I agree with you on this.

They created a war, and then didn't know what to do with it. :lol:
They tried (unsuccessfully IMO) to do a full misdirection at the start. When Frakes mentioned the MU episode he was directing, a lot of people thought that was going to be another side diversion; but it was the MAIN plot point for the season 1 story and what they were concentrating on. The 'Klingon War' was the actual side story/diversion here (after it was used to set up Burnham's story arc for the season); and felt like it - to the story's detriment.
 
They tried (unsuccessfully IMO) to do a full misdirection at the start. When Frakes mentioned the MU episode he was directing, a lot of people thought that was going to be another side diversion; but it was the MAIN plot point for the season 1 story and what they were concentrating on. The 'Klingon War' was the actual side story/diversion here (after it was used to set up Burnham's story arc for the season); and felt like it - to the story's detriment.

I think the show would've been better if they had come up with a different reason for Michael Burnham going nuts.

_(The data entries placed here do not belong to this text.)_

Unset Implicit Arguments.
Theorem theorem4p2
  (R : realType) (V : finType) (m : nat)
  (src dst : 'I_m -> V) (time : 'I_m -> R)
  (k l : nat) (mx my : 'I_l -> 'I_k) (delta : R)
  (tau : {ffun 'I_l -> 'I_m} -> R)
  (xi eps eta : R) (J : nat)
  (d : measure_display) (Omega : measurableType d) (P : probability Omega R)
  (F : nat -> set (set Omega))
  (est : Omega -> nat -> V -> R) (Out : Omega -> {set V}) :
  (* temporal network: positive, distinct timestamps *)
  (forall e, 0 < time e) -> injective time ->
  (* motif *)
  (2 <= k)%N -> (2 <= l)%N -> motif_weakly_connected mx my ->
  0 < delta ->
  (* weighting function *)
  (forall s, is_instance src dst time mx my delta s -> 0 < tau s) ->
  (* parameters *)
  0 < xi -> 0 < eps < 1 -> 0 < eta < 1 -> (1 <= J)%N ->
  (* filtration: F i = information available after iteration i *)
  (forall i, sigma_algebra setT (F i)) ->
  (forall i, F i `<=` measurable) ->
  (forall i, F i `<=` F i.+1) ->
  (forall i w (B : set R), measurable B -> F i [set om | B (est om i w)]) ->
  (* estimates are nonnegative *)
  (forall om i w, (1 <= i <= J)%N ->
      w \in Wp k xi (est om) i -> 0 <= est om i w) ->
  (* conditional accuracy guarantee of each iteration *)
  (forall i, (1 <= i <= J)%N -> forall A, F i.-1 A ->
     ((1 - eta / J%:R)%:E * P A <=
        P ([set om | good_iter src dst time mx my delta tau xi eps (est om) i]
           `&` A))%E) ->
  (* Out om is an output of HybridPeel run with the estimates est om *)
  (forall om,
     is_output src dst time mx my delta tau xi J (est om) (Out om)) ->
  exists A : set Omega,
    [/\ measurable A, ((1 - eta)%:E <= P A)%E &
        forall om, A om ->
          (if (2 <= J)%N
           then (1 - eps) ^+ 2 / (k%:R * (1 + xi) * (1 + eps) ^+ 2)
           else (1 - eps) ^+ 2 / (k%:R * (1 + xi) * (1 + eps)))
          * OPT src dst time mx my delta tau
          <= rho src dst time mx my delta tau (Out om)].
Proof.
move=> _ _ k_ge2 l_ge2 _ _ tau_gt0 xi_gt0 eps_range _ J_ge1 F_sigma F_meas _ est_F _
  accurate output.
(* Only the unconditional case [A = setT] of the accuracy guarantee is used:
   the union bound needs no independence between iterations. *)
pose good i := [set om | good_iter src dst time mx my delta tau xi eps (est om) i].
have est_meas i w : measurable_fun setT (fun om => est om i w).
  by move=> _ B mB; rewrite setTI; exact/F_meas/est_F.
have good_prob i : (1 <= i <= J)%N -> ((1 - eta / J%:R)%:E <= P (good i))%E.
  move=> i_range; have [F0 FC _] := F_sigma i.-1.
  have := accurate i i_range setT; rewrite probability_setT mule1 setIT; apply.
  by rewrite -(setD0 setT); exact: FC.
have [meas_all prob_all] :=
  probability_bigcap_ge (measurable_good_iter src dst time mx my delta tau xi eps est_meas)
    good_prob.
exists [set om | forall i, (1 <= i <= J)%N -> good i om]; split=> // [|om all_good].
  by rewrite mulrC divfK ?pnatr_eq0 -?lt0n in prob_all.
have k_gt0 : (0 < k)%N by exact: leq_trans k_ge2.
apply: le_trans (rho_output_ge tau_gt0 (leq_trans _ l_ge2) k_gt0 xi_gt0 eps_range
  all_good (output om)) => //.
apply: ler_wpM2r; first exact: OPT_ge0.
have ka_gt0 : 0 < k%:R * (1 + xi) by rewrite mulr_gt0 ?ltr0n //; lra.
by case: ifP => _; [exact: (approx_factor_le (n := 2)) | exact: (approx_factor_le (n := 1))].
Qed.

The Prime Directive... toilet clogged... replicator can't make a good Plomeek soup... anything other than going to the Klingon well yet again. For me, it made the show feel stale right from the get-go.
 
I think the show would've been better if they had come up with a different reason for Michael Burnham going nuts. The Prime Directive... toilet clogged... replicator can't make a good Plomeek soup... anything other than going to the Klingon well yet again. For me, it made the show feel stale right from the get-go.
IDK - IF they'd done a better job portraying the actual war (IE Make the tactics by both sides make a little more sense and seem more coordinated), I would have liked it more. I didn't mind going back to the Klingons here because it IS supposed to be the TOS era; and they were the main enemies of that era.